**Records drawn from a dataset**
Lemma cyclic_tree_root_not_bad t comp :
  (forall S pi phi, Bad S -> ~ In (FBox (PStar pi) phi) (snd S)) ->
  locally_ok ok t -> companions_ok t comp -> global_condition t comp -> ~ Bad (root_seq t).
Proof.
  intros Hnostar Hlc Hcomp Hgc Hroot.
  destruct (bad_root_inf_path t comp Hlc Hcomp Hroot) as (v & k & Hpath & Hbad).
  destruct (Hgc v k Hpath) as (N & tau & _ & Hprog).
  destruct (Hprog N) as (i & _ & s & r & ts & Hs & Hpr).
  destruct (Hbad i) as (s0 & r0 & ts0 & Hs0 & Hb); rewrite Hs in Hs0; injection Hs0 as <- <- <-.
  destruct (progress_star_succedent _ _ _ _ _ _ (proj2 (Hlc _ _ _ _ Hs)) Hpr) as (pi & phi & Hin).
  exact (Hnostar s pi phi Hb Hin).
Qed.

End BadSequents.

Fixpoint all_nodes (P : sequent -> rlabel -> list ptree -> Prop) (Q : sequent -> Prop) (t : ptree) : Prop :=
  match t with
  | PNode s r ts =>
      P s r ts /\
      (fix all_trees (l : list ptree) : Prop :=
         match l with [] => True | x :: l' => all_nodes P Q x /\ all_trees l' end) ts
  | PBud s => Q s
  end.

Lemma all_nodes_subtree P Q t a x : all_nodes P Q t -> subtree_at t a = Some x -> all_nodes P Q x.
Proof.
  revert t; induction a as [| k a IH]; intros t Ht Ha; simpl in Ha; [injection Ha as <-; exact Ht |].
  destruct t as [s r ts | s]; [| discriminate].
  destruct (nth_error ts k) as [c |] eqn:Hk; [| discriminate].
  apply (IH c); [| exact Ha]; destruct Ht as [_ Hts]; clear - Hts Hk.
  revert k Hk; induction ts as [| c' ts IHts]; intros [| k] Hk; simpl in Hk; try discriminate.
  - injection Hk as <-; exact (proj1 Hts).
  - exact (IHts (proj2 Hts) k Hk).
Qed.

Lemma all_nodes_node P Q t a s r ts :
  all_nodes P Q t -> subtree_at t a = Some (PNode s r ts) -> P s r ts.
Proof. intros Ht Ha; exact (proj1 (all_nodes_subtree _ _ _ _ _ Ht Ha)). Qed.

Lemma all_nodes_bud P Q t a s : all_nodes P Q t -> subtree_at t a = Some (PBud s) -> Q s.
Proof. exact (all_nodes_subtree P Q t a (PBud s)). Qed.

Lemma common_rule_G r : common_rule r -> G_rule r.
Proof. destruct r; simpl; tauto. Qed.

Lemma common_rule_C r : common_rule r -> C_rule r.
Proof. destruct r; simpl; tauto. Qed.

Lemma all_nodes_locally_correct (allowed : rlabel -> Prop) Q t :
  all_nodes (fun s r ts => allowed r /\ inst r (map root_seq ts) s) Q t -> locally_correct allowed t.
Proof. intros Ht a s r ts Ha; exact (all_nodes_node _ _ _ _ _ _ _ Ht Ha). Qed.

Lemma locally_correct_weaken (A B : rlabel -> Prop) t :
  (forall r, A r -> B r) -> locally_correct A t -> locally_correct B t.
Proof. intros HAB Ht a s r ts Ha; destruct (Ht a s r ts Ha); auto. Qed.

Lemma all_nodes_no_buds P t : all_nodes P (fun _ => False) t -> no_buds t.
Proof. intros Ht a s Ha; exact (all_nodes_bud _ _ _ _ _ Ht Ha). Qed.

**Directions**
Your answer must be the lines from the one with "Lemma common_rule_G r" through the last line of the data, repeated exactly and with nothing else.

**Response to this exercise**
Lemma common_rule_G r : common_rule r -> G_rule r.
Proof. destruct r; simpl; tauto. Qed.

Lemma common_rule_C r : common_rule r -> C_rule r.
Proof. destruct r; simpl; tauto. Qed.

Lemma all_nodes_locally_correct (allowed : rlabel -> Prop) Q t :
  all_nodes (fun s r ts => allowed r /\ inst r (map root_seq ts) s) Q t -> locally_correct allowed t.
Proof. intros Ht a s r ts Ha; exact (all_nodes_node _ _ _ _ _ _ _ Ht Ha). Qed.

Lemma locally_correct_weaken (A B : rlabel -> Prop) t :
  (forall r, A r -> B r) -> locally_correct A t -> locally_correct B t.
Proof. intros HAB Ht a s r ts Ha; destruct (Ht a s r ts Ha); auto. Qed.

Lemma all_nodes_no_buds P t : all_nodes P (fun _ => False) t -> no_buds t.
Proof. intros Ht a s Ha; exact (all_nodes_bud _ _ _ _ _ Ht Ha). Qed.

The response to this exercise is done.